Trackballs aren’t exactly a PC fashion accessory. Its heavy and crude constructions bring old-fashioned vibes to office settings. and despite 73 years of existence, trackballs have been usurped by modern mice and trackpads as the preferred forms of computing input. But despite its low popularity, trackball mice still have a place in many people’s hearts.
If you have a physical problem like carpal tunnel syndrome or a repetitive strain injury that makes repeated movements difficult and/or painful, you may be one of those people who hangs on to a trackball mouse. Although generally larger and heavier than traditional mice, trackball mice make it easy to keep your hand and arm in a neutral position and prevent pronation.
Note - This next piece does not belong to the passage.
(* Let $G$ be a triangular graph and run the procedure described in the context on $G$, starting with two vertices of the outer triangle as the distinguished vertices $v_1,v_2$ (clockwise consecutive, with the edge $v_1v_2$ given some orientation). Then in the resulting orientation every interior vertex of $G$ has in-degree exactly $3$; that is, the restriction of the constructed orientation to the interior edges of $G$ is an internal $3$-orientation.
   Context: A triangular graph is a plane graph with at least 3 vertices all of whose faces, including the outer one, are triangles; its interior vertices/edges are those not on the outer triangle. A near triangulation is a 2-connected plane graph whose outer face is bounded by a cycle (the outer cycle) and all of whose inner faces are triangles. An internal 3-orientation of a triangular graph is an orientation of its interior edges in which every interior vertex has in-degree exactly 3. The procedure: its input is a near triangulation $H$ with two distinguished vertices $v_1,v_2$ such that $v_2$ immediately follows $v_1$ clockwise on the outer cycle; the edge $v_1v_2$ is already oriented, other edges are not. It orients every edge and gives each edge a strength 1 or 2, as follows. (Recursive step) If the outer cycle has a chord $v_av_b$, it splits the outer cycle into cycles $C_1$ (containing $v_1,v_2$) and $C_2$; let $H_1,H_2$ be the subgraphs formed by $C_1$, $C_2$ with their interiors. Run the procedure first on $H_1$ with distinguished vertices $v_1,v_2$, and then on $H_2$ with the endpoints of the chord as distinguished vertices, ordered so that the second immediately follows the first clockwise on the outer cycle of $H_2$ (the chord has been oriented during the run on $H_1$). (Orienting step) If the outer cycle has no chord, let $v_3$ be the vertex immediately following $v_2$ clockwise on the outer cycle (the central vertex). Every edge of the current graph incident to $v_3$ that lies on the outer cycle is oriented towards $v_3$ and given strength 1; every other edge of the current graph incident to $v_3$ is oriented away from $v_3$ and given strength 2. Then $v_3$ is deleted, and if vertices other than $v_1,v_2$ remain, the procedure is called recursively on the remaining graph with the same distinguished vertices $v_1,v_2$. *)

From mathcomp Require Import all_boot.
And because you don’t push trackball mice around on top of your desk, they can be a better fit for tight workspaces. Some trackball fans also praise the precision they can achieve with the smooth roll of the right trackball. But there’s definitely a learning curve to using them, and they’re not for everyone. And a good trackball mouse may not be as fast or accurate as yours. best mouse for pc with a traditional design.
But the continued advancement of trackball mice ensures the relevance of the peripheral. Promoting healthy ergonomics is becoming increasingly popular among tech companies as people spend more time in front of screens. You can find many trackball mice online from smaller brands like elecom and even the likes of Logitech, which currently sells two trackball mice.
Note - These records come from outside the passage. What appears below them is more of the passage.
(* Consider any fixed training set $S_{\mathrm{e2e}}=\{(x^{(i)},y^{(i)}):i\in[m]\}$ with $y^{(i)}=h_*(x^{(i)})$ for some $h_*\in\mathrm{e2e}^T(\mathcal F)$. There is a universal constant $c>0$ such that for any $\delta\in(0,1)$, the Boosting Algorithm invoked with per-thinker budget $\mathsf M_\star=c\,\mathrm{VCdim}(\mathrm{e2e}^T(\mathcal F))$, with the thinkers $f_{k,\ell}$ chosen adversarially (each $f_{k,\ell}\in\mathcal F$ with $\mathrm{e2e}^T_{f_{k,\ell}}\equiv h_*$, possibly depending on the whole history and on the current sampled index set $\mathcal S_{k,\ell}$), satisfies, with probability at least $1-\delta/2$ over its internal randomness of subsampling, simultaneously for all $k\in[K]$: $$\epsilon_k:=\Pr_{i\sim D^{(k)}}\big[\mathrm{e2e}^T_{\hat f_k}(x^{(i)})\ne h_*(x^{(i)})\big]\le0.25.$$ Moreover, in the relaxed protocol where each $f_{k,\ell}$ is fixed by the adversary before observing $\mathcal S_{k,\ell}$, the same guarantee holds with $\mathsf M_\star=c\,\mathrm{VCdim}(\mathcal L^T_{\mathrm{CoT}}(\mathcal F))=O(\mathrm{VCdim}(\mathcal F)\log T)$.
   Context: Autoregressive generation: for $f:\{0,1\}^*\to\{0,1\}$, $\bar f(x)=(x,f(x))$; $\mathrm{e2e}^T_f(x)$ is the last bit of $\bar f^{\circ T}(x)$ and $\mathrm{CoT}^T_f(x)=(\mathrm{e2e}^1_f(x),\dots,\mathrm{e2e}^T_f(x))$; $\mathrm{e2e}^T(\mathcal F)=\{\mathrm{e2e}^T_f:f\in\mathcal F\}$. $\mathcal L^T_{\mathrm{CoT}}(\mathcal F)=\{(x,z)\mapsto\mathbb 1\{z\ne\mathrm{CoT}^T_f(x)\}:f\in\mathcal F\}$; $\mathrm{VCdim}(\mathcal F)$ is on $\mathcal X\times\{0,1\}^T$. Boosting Algorithm (input $S_{\mathrm{e2e}}$, $K$, $\mathsf M_\star$, $\delta$): $D^{(1)}$ uniform on $[m]$. For $k=1,\dots,K$: for $\ell=1,\dots,\log(2K/\delta)$: draw $\mathcal S_{k,\ell}$ consisting of $\mathsf M_\star$ indices i.i.d. from $D^{(k)}$; obtain $\mathrm{CoT}^T_{f_{k,\ell}}(x^{(i)})$ for $i\in\mathcal S_{k,\ell}$ from an adversarially chosen thinker $f_{k,\ell}$; find $\hat f_{k,\ell}\in\mathcal F$ whose CoTs agree with all observed CoTs; let $\epsilon_{k,\ell}=\sum_iD^{(k)}_i\mathbb 1[\mathrm{e2e}^T_{\hat f_{k,\ell}}(x^{(i)})\ne y^{(i)}]$ and stop the inner loop if $\epsilon_{k,\ell}\le0.25$. $\hat f_k$ is the last $\hat f_{k,\ell}$. If its error $\epsilon_k=0$ the algorithm stops; otherwise $\alpha_k=\frac12\log\frac{1-\epsilon_k}{\epsilon_k}$ and $D^{(k+1)}_i\propto D^{(k)}_ie^{\pm\alpha_k}$ ($+$ if $\hat f_k$ errs end-to-end on $i$, $-$ otherwise), normalized. *)

From Stdlib Require Import Reals.
From mathcomp Require Import all_boot all_order all_algebra.
From mathcomp Require Import Rstruct.
Set Implicit Arguments. Unset Strict Implicit. Unset Printing Implicit Defensive.
Import Order.TTheory GRing.Theory Num.Theory.
Local Open Scope ring_scope.

Definition fbar (f : seq bool -> bool) (x : seq bool) : seq bool := rcons x (f x).
Definition e2e (T : nat) (f : seq bool -> bool) (x : seq bool) : bool :=
  last false (iter T (fbar f) x).
Definition CoT (T : nat) (f : seq bool -> bool) (x : seq bool) : T.-tuple bool :=
  [tuple e2e (i.+1) f x | i < T].

Definition e2e_class (T : nat) (F : (seq bool -> bool) -> Prop) :
  (seq bool -> bool) -> Prop :=
  fun h => exists f, F f /\ h = e2e T f.
Definition Lcot_class (T : nat) (F : (seq bool -> bool) -> Prop) :
  (seq bool * T.-tuple bool -> bool) -> Prop :=
  fun h => exists f, F f /\ h = (fun p => p.2 != CoT T f p.1).
Arguments Lcot_class : clear implicits.

Definition shatters (U : eqType) (dom : U -> Prop) (H : (U -> bool) -> Prop)
  (A : seq U) : Prop :=
  [/\ uniq A, (forall u, u \in A -> dom u) &
      forall lab : U -> bool, exists h, H h /\ forall u, u \in A -> h u = lab u].
Definition VCdim_is (U : eqType) (dom : U -> Prop) (H : (U -> bool) -> Prop)
  (d : nat) : Prop :=
  (exists A, size A = d /\ shatters dom H A) /\
  (forall A, shatters dom H A -> (size A <= d)%N).

Section Boosting.
Variables (m M T : nat) (xs : 'I_m -> seq bool) (ys : 'I_m -> bool).

(* a sampled multiset S_{k,l} of M indices, and the observed CoTs on it *)
Definition sample := {ffun 'I_M -> 'I_m}.
Definition observation := {ffun 'I_M -> T.-tuple bool}.
Definition history := seq (sample * observation).

(* E_{S ~ D^M} [V S]  (M indices drawn i.i.d. from D) *)
Definition expect_sample (D : 'I_m -> R) (V : sample -> R) : R :=
  \sum_(S : sample) (\prod_(j < M) D (S j)) * V S.

Definition e2e_err (g : seq bool -> bool) (i : 'I_m) : bool :=
  e2e T g (xs i) != ys i.

Definition weighted_err (D : 'I_m -> R) (g : seq bool -> bool) : R :=
  \sum_(i < m) D i * (e2e_err g i)%:R.

(* AdaBoost reweighting with alpha = 1/2 log((1-eps)/eps) *)
Definition reweight (D : 'I_m -> R) (g : seq bool -> bool) : 'I_m -> R :=
  let eps := weighted_err D g in
  let alpha := ln ((1 - eps) / eps) / 2 in
  let w := fun i => D i * exp (if e2e_err g i then alpha else - alpha) in
  fun i => w i / \sum_(k < m) w k.

(* adversary: chooses the thinker f_{k,l} from the history and the current
   sample set; learner: chooses hat f_{k,l} from the history, the current
   sample set and the observed CoTs. *)
Variable adv : history -> sample -> (seq bool -> bool).
Variable lrn : history -> sample -> observation -> (seq bool -> bool).
Variable L : nat. (* number of inner iterations *)

(* inner loop with l remaining tries; [cont] continues with hat f_k,
   eps_k and the updated history once eps_{k,l} <= 1/4.  If all tries fail,
   hat f_k has eps_k > 1/4 and the event of interest fails (value 0). *)
Fixpoint inner (l : nat) (D : 'I_m -> R) (hist : history)
  (cont : (seq bool -> bool) -> R -> history -> R) : R :=
  match l with
  | 0 => 0
  | l'.+1 => expect_sample D (fun S =>
      let f := adv hist S in
      let o : observation := [ffun j => CoT T f (xs (S j))] in
      let fh := lrn hist S o in
      let hist' := rcons hist (S, o) in
      let eps := weighted_err D fh in
      if eps <= 1 / 4 then cont fh eps hist' else inner l' D hist' cont)
  end.

(* outer loop with n remaining rounds: probability that every executed
   round k has eps_k <= 1/4. *)
Fixpoint outer (n : nat) (D : 'I_m -> R) (hist : history) : R :=
  match n with
  | 0 => 1
  | n'.+1 => inner L D hist (fun fh eps hist' =>
      if eps == 0 then 1 else outer n' (reweight D fh) hist')
  end.

Definition boost_success_prob (K : nat) : R :=
  outer K (fun _ => 1 / m%:R) [::].

End Boosting.

Definition inner_iters (K : nat) (delta : R) : nat :=
  `|Num.ceil (ln (2 * K%:R / delta))|%N.
Definition budget (c : R) (d : nat) : nat := `|Num.ceil (c * d%:R)|%N.

From Stdlib Require Import Reals.
From mathcomp Require Import all_boot all_order all_algebra.
From mathcomp Require Import Rstruct boolp lra zify.
Set Implicit Arguments. Unset Strict Implicit. Unset Printing Implicit Defensive.
Import Order.TTheory GRing.Theory Num.Theory.

(* A try of the inner loop fails only if the learned thinker is wrong on a set
   of [D]-mass above 1/4 that contains none of the [M] sampled indices.  In the
   adaptive protocol such sets belong to the class of end-to-end error sets
   {i | e2e_g(x_i) <> y_i}; when the thinker is fixed before sampling they
   belong to the class of CoT disagreements with that thinker, a trace of the
   CoT loss class.  Either way the class has VC dimension at most d, and the
   epsilon-net theorem (double sampling, random swaps, and the Sauer-Shelah
   bound obtained from Pajor's lemma) bounds the failure probability of a try
   by 1/3 once M >= 300 d.  Hence a round fails with probability at most
   (1/3)^L <= delta / 2K, and a union bound over the K rounds concludes. *)

(** * Sauer-Shelah via Pajor's lemma *)

Section SauerShelah.
Variable Pt : finType.
Implicit Types (P : {set {ffun Pt -> bool}}) (A : {set Pt}).

Definition shattersb P A : bool :=
  [forall g : {ffun Pt -> bool}, [exists q in P, [forall x in A, q x == g x]]].

Definition shattered P : {set {set Pt}} := [set A | shattersb P A].

Lemma shattersbS P P' A : P \subset P' -> shattersb P A -> shattersb P' A.
Proof.
move=> sPP' /forallP PA; apply/forallP => g.
have /existsP[q /andP[qP qg]] := PA g.
by apply/existsP; exists q; rewrite (subsetP sPP').
Qed.

Lemma shattersb_const P A x b :
  (forall q, q \in P -> q x = b) -> x \in A -> ~~ shattersb P A.
Proof.
move=> Pb xA; apply/negP => /forallP /(_ [ffun _ => ~~ b]).
case/existsP=> q /andP[qP /forallP /(_ x)].
by rewrite xA ffunE Pb //; case: (b).
Qed.

Lemma shattersb_setU1 P A x :
  let B := [set q : {ffun Pt -> bool} | q x] in
  shattersb (P :&: B) A -> shattersb (P :\: B) A -> shattersb P (x |: A).
Proof.
move=> B P1A P0A; apply/forallP => g.
have [Pi [Pix sPi PiA]] : exists Pi : {set {ffun Pt -> bool}},
    [/\ forall q, q \in Pi -> q x = g x, Pi \subset P & shattersb Pi A].
  case: (g x); [exists (P :&: B) | exists (P :\: B)].
    by split=> // [q|]; [rewrite !inE => /andP[] | exact: subsetIl].
  by split=> // [q|]; [rewrite !inE => /andP[/negbTE] | exact: subsetDl].
have /existsP[q /andP[qPi /forallP qg]] := forallP PiA g.
apply/existsP; exists q; rewrite (subsetP sPi) //=; apply/forallP => y.
by rewrite !inE; case: eqP => [->|_] /=; [rewrite Pix | exact: qg].
Qed.

(* Split [P] along a coordinate [x]: the sets shattered by both halves are
   counted twice on the left, once as they are and once with [x] added. *)
Lemma card_shattered_split P x :
  let B := [set q : {ffun Pt -> bool} | q x] in
  (#|shattered (P :&: B)| + #|shattered (P :\: B)| <= #|shattered P|)%N.
Proof.
rewrite /=; set P1 := P :&: _; set P0 := P :\: _.
set S1 := shattered P1; set S0 := shattered P0.
have P1x q : q \in P1 -> q x = true by rewrite !inE => /andP[].
have P0x q : q \in P0 -> q x = false by rewrite !inE => /andP[/negbTE].
have sP1 : P1 \subset P by apply/subsetP => q; rewrite !inE => /andP[].
have sP0 : P0 \subset P by apply/subsetP => q; rewrite !inE => /andP[].
have x_notin A : A \in S0 :&: S1 -> x \notin A.
  rewrite !inE => /andP[S0A _]; apply/negP => xA.
  by move/negP: (shattersb_const P0x xA).
set I := [set x |: A | A in S0 :&: S1].
have card_I : #|I| = #|S0 :&: S1|.
  apply: card_in_imset => A A' A_S A'_S eqxA.
  by rewrite -(setU1K (x_notin _ A_S)) eqxA setU1K ?x_notin.
have sUP : S0 :|: S1 \subset shattered P.
  apply/subsetP => A; rewrite !inE.
  by case/orP; [exact: shattersbS sP0 | exact: shattersbS sP1].
have sIP : I \subset shattered P.
  apply/subsetP => _ /imsetP[A + ->]; rewrite !inE => /andP[S0A S1A].
  exact: shattersb_setU1.
have UI0 : (S0 :|: S1) :&: I = set0.
  apply/setP => B; rewrite !inE; apply/negP => /andP[S_B /imsetP[A _ eqB]].
  have xB : x \in B by rewrite eqB setU11.
  by case/orP: S_B; apply/negP; [exact: shattersb_const P0x xB |
                                  exact: shattersb_const P1x xB].
have sUIP : S0 :|: S1 :|: I \subset shattered P by rewrite subUset sUP sIP.
have := subset_leq_card sUIP; have := cardsUI S0 S1; have := cardsUI (S0 :|: S1) I.
rewrite UI0 cards0 card_I addn0 => eq1 eq2.
by rewrite addnC -eq2 -eq1.
Qed.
On Tuesday, Kensington, one of the biggest names in trackball mice (it also sells other PC peripherals and office solutions), launched a new trackball mouse, the SlimBlade Pro Trackball (K72080WW). It looks like any old trackball mouse, complete with a bulbous ball. But along with that piercing 2.17-inch-wide (55mm) red orb that can scroll up and down and rotate are modern considerations.
For one, the mouse is wireless. You can connect to PCs running Windows (Windows 7 and later) or Mac (macOS 10.13 and later) via Bluetooth, a 2.4GHz USB-A dongle, or even a USB-A cable. The mouse is also rechargeable over the modern USB-C connector, and the vendor says the mouse will last up to four months before needing a charge.
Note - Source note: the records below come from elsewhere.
(* Let ${\cal G}$ be a Hopf algebra over a field ${\bf k}$, regarded as a right ${\cal G}$-comodule algebra via its comultiplication $\Delta_{\cal G}$. Then there is no left Ore set $T\subset{\cal G}$ for which the localization $i_T:{\cal G}\to T^{-1}{\cal G}$ is nontrivial (i.e. not an isomorphism) and $\Delta_{\cal G}$ extends to a coaction $\Delta_T$ on $T^{-1}{\cal G}$ making it a right ${\cal G}$-comodule algebra with $\Delta_T\circ i_T=(i_T\otimes{\rm id})\circ\Delta_{\cal G}$.
   Context: A left Ore set is a multiplicative subset $T\subset{\cal G}\setminus\{0\}$ satisfying the left Ore condition ($\forall t\in T,r\in{\cal G}\ \exists t'\in T, r'\in{\cal G}: r't=t'r$) and left reversibility; $T^{-1}{\cal G}$ is the ring of left fractions and $i_T$ the localization map. *)

From HB Require Import structures.
From mathcomp Require Import all_boot all_algebra.
Set Implicit Arguments. Unset Strict Implicit. Unset Printing Implicit Defensive.
Import GRing.Theory.
Local Open Scope ring_scope.

Section Defs.
Variable k : fieldType.

Definition lin (V U : lmodType k) (f : V -> U) : Prop :=
  forall (a : k) (u v : V), f (a *: u + v) = a *: f u + f v.

Definition bilin (V W U : lmodType k) (f : V -> W -> U) : Prop :=
  (forall v, lin (f v)) /\ (forall w, lin (fun v => f v w)).

Definition is_tensor (V W C : lmodType k) (t : V -> W -> C) : Prop :=
  bilin t /\
  forall (U : lmodType k) (f : V -> W -> U), bilin f ->
    exists h : C -> U, [/\ lin h, (forall v w, h (t v w) = f v w) &
      forall h' : C -> U, lin h' -> (forall v w, h' (t v w) = f v w) ->
        forall c, h' c = h c].

Record tensorSp (V W : lmodType k) := TensorSp {
  tsp_car : lmodType k;
  tsp_t : V -> W -> tsp_car;
  tsp_ax : is_tensor tsp_t }.

Record tensorAlg (A B : algType k) := TensorAlg {
  tal_car : algType k;
  tal_t : A -> B -> tal_car;
  tal_ax : is_tensor tal_t;
  tal_mul : forall a b c d, tal_t a b * tal_t c d = tal_t (a * c) (b * d);
  tal_one : tal_t 1 1 = 1 }.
Like its corded counterpart first introduced in 2009, the SlimBlade Trackball, Kensington’s new wireless trackball has programmable buttons. The wired version’s programmable buttons are limited to four, but the wireless option lets you program “each of four individual buttons and four combo button sets” if you download Kensington’s software, according to the company’s announcement with headquarters in California.
Unlike trackball mice with a thumb-controlled ball, the SlimBlade Pro’s rotating globe is designed to be used by either finger and any hand. But if you’ve never used a trackball mouse before, you might find the SlimBlade Pro more difficult to operate than something like the Logitech MX Ergowhose shape is more similar to a traditional mouse.
The SlimBlade Pro trackball currently sells for $120only a $10 premium on the wired version MSRP. The price alone is enough to show that the trackball mouse, while no longer the king of the hill, hasn’t gone completely off the rails. For those who find these products less painful for long-term use, long live trackball mice.